1.5 A SUSTENTABILIDADE NO CONTEXTO POLÍTICO ATUAL BRASILEIRO FRENTE À GLOBALIZAÇÃO A atual crise urbana é também uma crise de constituição de um novo modo de regulação para as cidades – modo este que se quer compatível com as dinâmicas de um capitalismo flexível. Esta crise tem-se alimentado das novas contradições espaciais verificadas na cidade, seja por via de processos infra-políticos (da chamada “violência urbana”), seja por via de processos políticos – aqueles pelos quais se vem crescentemente denunciando e resistindo à dualização funcional da cidade entre áreas ricas e relativamente mais protegidas e áreas pobres submetidas a todo tipo de risco urbano. A busca de cidades “sustentáveis”, inscritas no “metabolismo de fluxos e ciclos de matéria-energia, simbiótica e holística” remete, por certo, à pretensão de se promover uma conexão gestionária do que é, antes de tudo, fratura política. Henri Acselrad, 2004b: 34
Como estudo do contexto político nacional no caminho da sustentabilidade, Henri Acselrad (2004) faz uma crítica a partir do documento oficial intitulado de “Riqueza Sustentável”, como um balanço dos dezoito meses de governo do atual Presidente da República, Luiz Inácio Lula da Silva (primeiro mandato, de 2002 a 2006; segundo mandato de 2007 a 2011), e sua ação político-administrativa nacional focada na inserção passiva do Brasil no âmbito da globalização como um “novo modelo de desenvolvimento”. Não obstante, o autor destaca que tal política é uma repetição da estratégia governamental de incentivo ao agronegócio exportador com a intenção primária de surgimento de tecnologias competitivas para esse mercado. Ainda, contudo, contém traços do termo denominado de “modernização ecológica”, ou seja, a referência a um meio ambiente “de negócios” (conceito de desenvolvimento já implementado pelo programa Avança Brasil, da gestão presidencial de Fernando Henrique 29
Cardoso), ações estas que objetivam a “imagem ecológica internacionalmente favorável”. (ACSELRAD, 2004a) Tal modelo citado coloca-se como uma faceta ambiental a partir das somas das divisas obtidas através do “ecotursimo” e da monocultura da celulose – esta última intencional e indevidamente apresentada como prática de reflorestamento. Porém, o neologismo de Riqueza Sustentável fortalece ainda mais uma dicotomia sócioeconômica que perpetua na conjuntura nacional há séculos, pois diante desse modelo temos o descontentamento daqueles que assistem a riqueza, da minoria, sobre a pobreza, da maioria, dos brasileiros. Aos que acreditam que a riqueza e a pobreza são pólos conexos de um mesmo processo de distribuição desigual, a idéia de “riqueza sustentável” preocupa mesmo. Isso porque por meio dela somos levados a supor que, ao lado da sustentação da riqueza, vamos continuar observando, com desalento, a um simultâneo espetáculo de “sustentação” da pobreza. (ACSELRAD, 2004a)

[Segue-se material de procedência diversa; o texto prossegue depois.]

(* Let $(X,d)$ be a complete metric space and $\{f_{\eta_k}:\eta_k\in B^{[k]},k\in\mathbb{N}\}$ a binary tree of continuous maps $X\to X$. Suppose there is a nonempty compact $C\subseteq X$ with $f_{\eta_k}(C)\subseteq C$ for all finite codes $\eta_k$, that each $f_{\eta_k}$ is Lipschitz with constant $s_{\eta_k}$, and that $\sum_{k=1}^\infty\prod_{i=1}^k s_{\tau_i\eta}<\infty$ for every $\eta\in B^{[\infty]}$. Then the set $$U_{TM}=\bigcup_{\eta\in B^{[\infty]}}\lim_{k\to\infty}f_{\tau_1\eta}\circ\cdots\circ f_{\tau_{k-1}\eta}\circ f_{\tau_k\eta}(x)\subseteq C$$ is well defined (all the limits exist) and is the same set for every $x\in C$.
   Context: $B^{[k]}=\{1,2\}^k$ is the set of binary codes $\eta_k=(i_1\ldots i_k)$ of length $k$, $B^{[\infty]}=\{1,2\}^{\mathbb{N}}$ the set of infinite codes, and $\tau_\ell\eta=(i_1\ldots i_\ell)$ the truncation of $\eta$ to its first $\ell$ symbols. A binary tree of maps assigns to each finite code $\eta_k$ a continuous map $f_{\eta_k}:X\to X$. *)

From Stdlib Require Import Reals List.
Open Scope R_scope.

(* Binary alphabet {1,2} is represented by [bool]. *)

Definition mopen (M : Metric_Space) (O : Base M -> Prop) : Prop :=
  forall x, O x -> exists r, r > 0 /\ forall y, dist M x y < r -> O y.

Definition mcompact (M : Metric_Space) (C : Base M -> Prop) : Prop :=
  forall (I : Type) (O : I -> Base M -> Prop),
    (forall i, mopen M (O i)) ->
    (forall x, C x -> exists i, O i x) ->
    exists l : list I, forall x, C x -> exists i, In i l /\ O i x.

Definition mcv (M : Metric_Space) (u : nat -> Base M) (z : Base M) : Prop :=
  forall eps, eps > 0 -> exists N, forall n, (n >= N)%nat -> dist M (u n) z < eps.

Definition mcauchy (M : Metric_Space) (u : nat -> Base M) : Prop :=
  forall eps, eps > 0 -> exists N, forall n m, (n >= N)%nat -> (m >= N)%nat ->
    dist M (u n) (u m) < eps.

Definition mcomplete (M : Metric_Space) : Prop :=
  forall u, mcauchy M u -> exists z, mcv M u z.

Definition mcontinuous (M : Metric_Space) (g : Base M -> Base M) : Prop :=
  forall x eps, eps > 0 -> exists delta, delta > 0 /\
    forall y, dist M x y < delta -> dist M (g x) (g y) < eps.

Definition lipschitz (M : Metric_Space) (g : Base M -> Base M) (s : R) : Prop :=
  0 <= s /\ forall x y, dist M (g x) (g y) <= s * dist M x y.

(* tau_k eta = (i_1 ... i_k): the first k symbols of the infinite code eta
   (eta 0 is i_1). *)
Definition trunc (eta : nat -> bool) (k : nat) : list bool := map eta (seq 0 k).

(* treecomp f eta k x = f_{tau_1 eta} o ... o f_{tau_k eta} (x)  (identity for k = 0). *)
Fixpoint treecomp {X : Type} (f : list bool -> X -> X) (eta : nat -> bool) (k : nat) (x : X) : X :=
  match k with
  | O => x
  | S k' => treecomp f eta k' (f (trunc eta (S k')) x)
  end.

Fixpoint prodS (s : list bool -> R) (eta : nat -> bool) (k : nat) : R :=
  match k with
  | O => 1
  | S k' => prodS s eta k' * s (trunc eta (S k'))
  end.

Definition U_TM (M : Metric_Space) (f : list bool -> Base M -> Base M) (x : Base M)
  (z : Base M) : Prop :=
  exists eta : nat -> bool, mcv M (fun k => treecomp f eta k x) z.

(* Fix an infinite code eta and write T_k = f_{tau_1 eta} o ... o f_{tau_k eta}.
   Since T_k is a composition of Lipschitz maps, it is Lipschitz with constant
   P_k = prod_{i<=k} s_{tau_i eta}.  For x in the invariant compact set C, whose
   diameter is some D > 0, we get
     d(T_{k+1} x, T_k x) = d(T_k (f x), T_k x) <= D * P_k,
   and the hypothesis that sum_k P_k converges makes (T_k x) a Cauchy sequence;
   completeness gives the limit.  For x, y in C, d(T_k x, T_k y) <= D * P_k -> 0,
   so both sequences have the same limit: U_TM does not depend on the starting
   point.  Finally, limits of sequences in C stay in C because compact sets are
   closed. *)

From Stdlib Require Import Reals List Lra Lia Classical.
Open Scope R_scope.

Fixpoint psum (b : nat -> R) (n : nat) : R :=
  match n with O => 0 | S n' => psum b n' + b n' end.

(* The hypothesis of the theorem sums the terms from index 1 on; adding the
   zeroth term back gives a Cauchy sequence of partial sums [psum b]. *)
Lemma psum_cauchy (b : nat -> R) (l : R) :
  Un_cv (fun n => sum_f_R0 (fun j => b (S j)) n) l -> Cauchy_crit (psum b).
Proof.
  intros Hl.
  assert (Hpsum : forall n, psum b (S (S n)) = b O + sum_f_R0 (fun j => b (S j)) n).
  { intro n. replace (psum b (S (S n))) with (sum_f_R0 b (S n)).
    - rewrite decomp_sum; [reflexivity | lia].
    - induction n as [|n IH]; simpl in *; [ring | rewrite IH; ring]. }
  apply CV_Cauchy. exists (b O + l).
  intros eps Heps. destruct (Hl eps Heps) as [N HN]. exists (S (S N)).
  intros n Hn. destruct n as [|[|m]]; try lia.
  unfold Rdist. rewrite Hpsum.
  replace (b O + sum_f_R0 (fun j => b (S j)) m - (b O + l))
    with (sum_f_R0 (fun j => b (S j)) m - l) by ring.
  apply HN. lia.
Qed.

Lemma psum_cauchy_terms (b : nat -> R) :
  Cauchy_crit (psum b) ->
  forall eps, eps > 0 -> exists N, forall k, (k >= N)%nat -> b k < eps.
Proof.
  intros Hb eps Heps. destruct (Hb eps Heps) as [N HN]. exists N.
  intros k Hk. specialize (HN (S k) k ltac:(lia) Hk).
  unfold Rdist in HN. simpl psum in HN.
  replace (psum b k + b k - psum b k) with (b k) in HN by ring.
  pose proof (Rle_abs (b k)). lra.
Qed.

Section MetricFacts.

Variable M : Metric_Space.

Lemma dist_self (x : Base M) : dist M x x = 0.
Proof. apply dist_refl; reflexivity. Qed.

(* If consecutive steps of [u] are bounded by [D * b k] and the partial sums of
   [b] are Cauchy, then [u] is Cauchy (telescoping the triangle inequality). *)
Lemma cauchy_of_summable_steps (u : nat -> Base M) (b : nat -> R) (D : R) :
  D > 0 -> Cauchy_crit (psum b) ->
  (forall k, dist M (u (S k)) (u k) <= D * b k) -> mcauchy M u.
Proof.
  intros HD Hb Hstep.
  assert (Htele : forall m d,
      dist M (u (m + d)%nat) (u m) <= D * (psum b (m + d) - psum b m)).
  { intros m d; induction d as [|d IH].
    - rewrite Nat.add_0_r, dist_self. lra.
    - rewrite Nat.add_succ_r. simpl psum.
      pose proof (dist_tri M (u (S (m + d))) (u m) (u (m + d)%nat)).
      pose proof (Hstep (m + d)%nat). lra. }
  intros eps Heps.
  destruct (Hb (eps / D)) as [N HN]; [apply Rdiv_lt_0_compat; lra|].
  exists N.
  assert (Hordered : forall n m, (n >= N)%nat -> (m >= N)%nat -> (m <= n)%nat ->
      dist M (u n) (u m) < eps).
  { intros n m Hn Hm Hmn. replace n with (m + (n - m))%nat by lia.
    eapply Rle_lt_trans; [apply Htele|].
    replace (m + (n - m))%nat with n by lia.
    specialize (HN n m Hn Hm). unfold Rdist in HN.
    apply Rabs_def2 in HN.
    replace eps with (D * (eps / D)) by (field; lra).
    apply Rmult_lt_compat_l; lra. }
  intros n m Hn Hm. destruct (Nat.le_ge_cases m n).
  - now apply Hordered.
  - rewrite dist_sym. now apply Hordered.
Qed.

Lemma mcv_of_close (u v : nat -> Base M) (z : Base M) :
  mcv M u z ->
  (forall eps, eps > 0 -> exists N, forall k, (k >= N)%nat -> dist M (v k) (u k) < eps) ->
  mcv M v z.
Proof.
  intros Hu Hclose eps Heps.
  destruct (Hu (eps / 2) ltac:(lra)) as [N1 HN1].
  destruct (Hclose (eps / 2) ltac:(lra)) as [N2 HN2].
  exists (max N1 N2). intros k Hk.
  pose proof (HN1 k ltac:(lia)). pose proof (HN2 k ltac:(lia)).
  pose proof (dist_tri M (v k) z (u k)). lra.
Qed.

(* A nonempty compact set has a positive bound on its diameter: cover it by
   unit balls and take a finite subcover. *)
Lemma compact_bounded (C : Base M -> Prop) (x0 : Base M) :
  C x0 -> mcompact M C ->
  exists D, D > 0 /\ forall y y', C y -> C y' -> dist M y y' <= D.
Proof.
  intros Hx0 HC.
  destruct (HC (Base M) (fun a y => dist M a y < 1)) as [l Hl].
  - intros a y Hy. exists (1 - dist M a y). split; [lra|].
    intros y' Hy'. pose proof (dist_tri M a y' y). lra.
  - intros y _. exists y. rewrite dist_self. lra.
  - set (B := fold_right (fun a acc => dist M a x0 + acc) 0 l).
    assert (HB : forall a, In a l -> dist M a x0 <= B).
    { unfold B; clear Hl; induction l as [|b l IH]; simpl; intros a Ha; [contradiction|].
      assert (Hrest : 0 <= fold_right (fun a acc => dist M a x0 + acc) 0 l).
      { clear IH Ha; induction l; simpl; [lra|]. pose proof (dist_pos M a0 x0); lra. }
      destruct Ha as [<-|Ha]; [lra|].
      pose proof (IH a Ha). pose proof (dist_pos M b x0). lra. }
    assert (Hnear : forall y, C y -> dist M y x0 < 1 + B).
    { intros y Cy. destruct (Hl y Cy) as [a [Ha Hd]].
      pose proof (HB a Ha). pose proof (dist_tri M y x0 a).
      rewrite (dist_sym M y a) in *. lra. }
    exists (2 * (1 + B) + 1). split.
    + pose proof (Hnear x0 Hx0). pose proof (dist_pos M x0 x0). lra.
    + intros y y' Cy Cy'. pose proof (Hnear y Cy). pose proof (Hnear y' Cy').
      pose proof (dist_tri M y y' x0). rewrite (dist_sym M x0 y') in *. lra.
Qed.

(* A compact set contains the limits of its sequences: otherwise the open sets
   { y | d(y, z) > 1/(n+1) } cover it, and a finite subcover keeps it at
   positive distance from the limit z. *)
Lemma compact_closed (C : Base M -> Prop) (u : nat -> Base M) (z : Base M) :
  mcompact M C -> (forall k, C (u k)) -> mcv M u z -> C z.
Proof.
  intros HC Hu Hcv. destruct (classic (C z)) as [|Hz]; [assumption|exfalso].
  destruct (HC nat (fun n y => dist M y z > / INR (S n))) as [l Hl].
  - intros n y Hy. exists (dist M y z - / INR (S n)). split; [lra|].
    intros y' Hy'. pose proof (dist_tri M y z y'). lra.
  - intros y Cy.
    assert (Hpos : dist M y z > 0).
    { pose proof (dist_pos M y z). destruct (Req_dec (dist M y z) 0) as [e|e]; [|lra].
      apply dist_refl in e. subst; contradiction. }
    destruct (archimed_cor1 (dist M y z)) as [N [HN1 HN2]]; [lra|].
    destruct N as [|n]; [lia|]. exists n. lra.
  - set (N := fold_right max 0%nat l).
    assert (HN : forall n, In n l -> (n <= N)%nat).
    { unfold N; clear Hl; induction l as [|b l IH]; simpl; intros n Hn; [contradiction|].
      destruct Hn as [<-|Hn]; [lia|]. pose proof (IH n Hn); lia. }
    assert (Hpos : 0 < / INR (S N)) by (apply Rinv_0_lt_compat, lt_0_INR; lia).
    destruct (Hcv _ Hpos) as [K HK]. specialize (HK K (le_n K)).
    destruct (Hl (u K) (Hu K)) as [n [Hn Hd]].
    assert (Hle : / INR (S N) <= / INR (S n)).
    { apply Rinv_le_contravar; [apply lt_0_INR; lia|].
      apply le_INR. pose proof (HN n Hn); lia. }
    lra.
Qed.

End MetricFacts.

Section TreeCompositions.

Variable M : Metric_Space.
Variable f : list bool -> Base M -> Base M.
Variable s : list bool -> R.
Hypothesis f_lipschitz : forall c, c <> nil -> lipschitz M (f c) (s c).

(* Truncations of positive length are nonempty codes, where the maps of the
   tree are constrained. *)
Lemma trunc_nnil (eta : nat -> bool) (k : nat) : trunc eta (S k) <> nil.
Proof. unfold trunc; simpl; discriminate. Qed.

Lemma treecomp_invariant (C : Base M -> Prop) :
  (forall c x, c <> nil -> C x -> C (f c x)) ->
  forall eta k x, C x -> C (treecomp f eta k x).
Proof.
  intros HfC eta k; induction k as [|k IH]; intros x Cx; simpl; [assumption|].
  apply IH, HfC; [apply trunc_nnil | assumption].
Qed.

Lemma prodS_nonneg (eta : nat -> bool) (k : nat) : 0 <= prodS s eta k.
Proof.
  induction k as [|k IH]; simpl; [lra|].
  apply Rmult_le_pos; [assumption|]. apply (proj1 (f_lipschitz _ (trunc_nnil eta k))).
Qed.

Lemma treecomp_lipschitz (eta : nat -> bool) (k : nat) (u v : Base M) :
  dist M (treecomp f eta k u) (treecomp f eta k v) <= prodS s eta k * dist M u v.
Proof.
  revert u v; induction k as [|k IH]; intros u v; simpl; [lra|].
  eapply Rle_trans; [apply IH|]. rewrite Rmult_assoc.
  apply Rmult_le_compat_l; [apply prodS_nonneg|].
  apply (proj2 (f_lipschitz _ (trunc_nnil eta k))).
Qed.

Lemma treecomp_close (C : Base M -> Prop) (D : R) :
  (forall y y', C y -> C y' -> dist M y y' <= D) ->
  forall eta k x y, C x -> C y ->
  dist M (treecomp f eta k x) (treecomp f eta k y) <= D * prodS s eta k.
Proof.
  intros HD eta k x y Cx Cy.
  eapply Rle_trans; [apply treecomp_lipschitz|]. rewrite Rmult_comm.
  apply Rmult_le_compat_r; [apply prodS_nonneg | now apply HD].
Qed.

End TreeCompositions.

Theorem mainTheorem2 (M : Metric_Space) (f : list bool -> Base M -> Base M)
  (s : list bool -> R) (C : Base M -> Prop) :
  mcomplete M ->
  (forall c, c <> nil -> mcontinuous M (f c)) ->
  (exists x0, C x0) ->
  mcompact M C ->
  (forall c x, c <> nil -> C x -> C (f c x)) ->
  (forall c, c <> nil -> lipschitz M (f c) (s c)) ->
  (forall eta : nat -> bool, exists l,
      Un_cv (fun n => sum_f_R0 (fun j => prodS s eta (S j)) n) l) ->
  (forall x, C x -> forall eta : nat -> bool, exists z, mcv M (fun k => treecomp f eta k x) z)
  /\ (forall x y, C x -> C y -> forall z, U_TM M f x z <-> U_TM M f y z)
  /\ (forall x, C x -> forall z, U_TM M f x z -> C z).
Proof.
  intros Hcomplete _ [x0 Hx0] HC HfC Hlip Hsum.
  destruct (compact_bounded M C x0 Hx0 HC) as [D [HD Hdiam]].
  assert (Hcauchy : forall eta, Cauchy_crit (psum (prodS s eta))).
  { intro eta. destruct (Hsum eta) as [l Hl]. exact (psum_cauchy _ l Hl). }
  assert (Hmove : forall eta x y z, C x -> C y ->
      mcv M (fun k => treecomp f eta k x) z -> mcv M (fun k => treecomp f eta k y) z).
  { intros eta x y z Cx Cy Hx. apply (mcv_of_close M _ _ z Hx).
    intros eps Heps.
    destruct (psum_cauchy_terms _ (Hcauchy eta) (eps / D)) as [N HN];
      [apply Rdiv_lt_0_compat; lra|].
    exists N. intros k Hk.
    eapply Rle_lt_trans; [apply (treecomp_close M f s Hlip C D Hdiam); assumption|].
    replace eps with (D * (eps / D)) by (field; lra).
    apply Rmult_lt_compat_l; [lra | now apply HN]. }
  split; [|split].
  - intros x Cx eta. apply Hcomplete.
    apply (cauchy_of_summable_steps M _ (prodS s eta) D HD (Hcauchy eta)).
    intro k; simpl. apply (treecomp_close M f s Hlip C D Hdiam); [apply HfC; [apply trunc_nnil|] |]; assumption.
  - intros x y Cx Cy z; split; intros [eta Hz]; exists eta.
    + exact (Hmove eta x y z Cx Cy Hz).
    + exact (Hmove eta y x z Cy Cx Hz).
  - intros x Cx z [eta Hz]. refine (compact_closed M C _ z HC _ Hz).
    intro k. now apply (treecomp_invariant M f C HfC).
Qed.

Contudo, o que temos ainda, em pleno século XXI, é o arcaico modelo insustentável de exploração a qualquer custo, justificado pelas conformações macroeconômicas. O arquétipo nacional de inserção na conjuntura global, apesar de associar os interesses nacionais ao inevitável “modelo global”, esbarra no fator preponderante de ausência de base social interna que se beneficie também desse sistema, além do setor empresarial exportador bastante limitado enquanto gerador de empregos e distribuição de renda. Ainda há a desconsideração total da “desestruturação predatória” que as culturas de exportação produzem nas economias locais, com o conseqüente agravamento do “abismo social”. Longe de um modelo sustentável, o que se tem é a desconsideração total de um planejamento urbano e regional calcado em conceitos bem definidos de desenvolvimento sustentável nacional e equilibrado entre as regiões distintas. O jargão de Riqueza Sustentável é um modelo que atende à elite econômica, como sempre atenderam todas as políticas nacionais. Enquanto o agronegócio exportador brasileiro avança suas fronteiras e lucros, financiados em grande parte pelo dinheiro público, a população dessas localidades regionais, suas culturas, agricultura familiar e meio ambiente, são implodidos (ou ignorados) em favor do Biodiesel da cana-de-açucar (produzido através de extensiva queima da cana, antes da colheita), ou de cultivo mecanizado da soja e algodão. Nenhum charme é atribuído às formas não globalizadas de produção. Mais uma vez, prevalecem os velhos cacoetes da retórica desenvolvimentista: dirige-se a mensagem do “desenvolvimento” para o capital, a do “social” para os pobres e a do “ambiental” – basicamente um ambiente “florestal” – para os verdes; notadamente os internacionais (a expansão da soja na Amazônia, afirmou recentemente um responsável da área agrícola do governo, dar-se-á nas áreas degradadas “por causa da opinião pública internacional”). 30
Conseqüentemente, não se vislumbra nenhuma iniciativa destinada a limitar os mecanismos predatórios da vida social e do meio; nenhum esforço de originalidade que mesmo um programa moderado e pragmático poderia supor, tal como, digamos, o de um “agronegócio territorialmente combinado com pequena produção diversificada”, a adoção de “inovação técnica com reconhecimento da contribuição inventiva do saber operário e do pequeno produtor rural” ou até um “empreendedorismo ecologicamente condicionado”... ou seja, um discurso que mostrasse a intenção de desacelerar os mecanismos pelos quais, na últimas décadas, se tem reproduzido tanto a dominação sobre os trabalhadores como sobre seus ambientes. (ACSELRAD, 2004a)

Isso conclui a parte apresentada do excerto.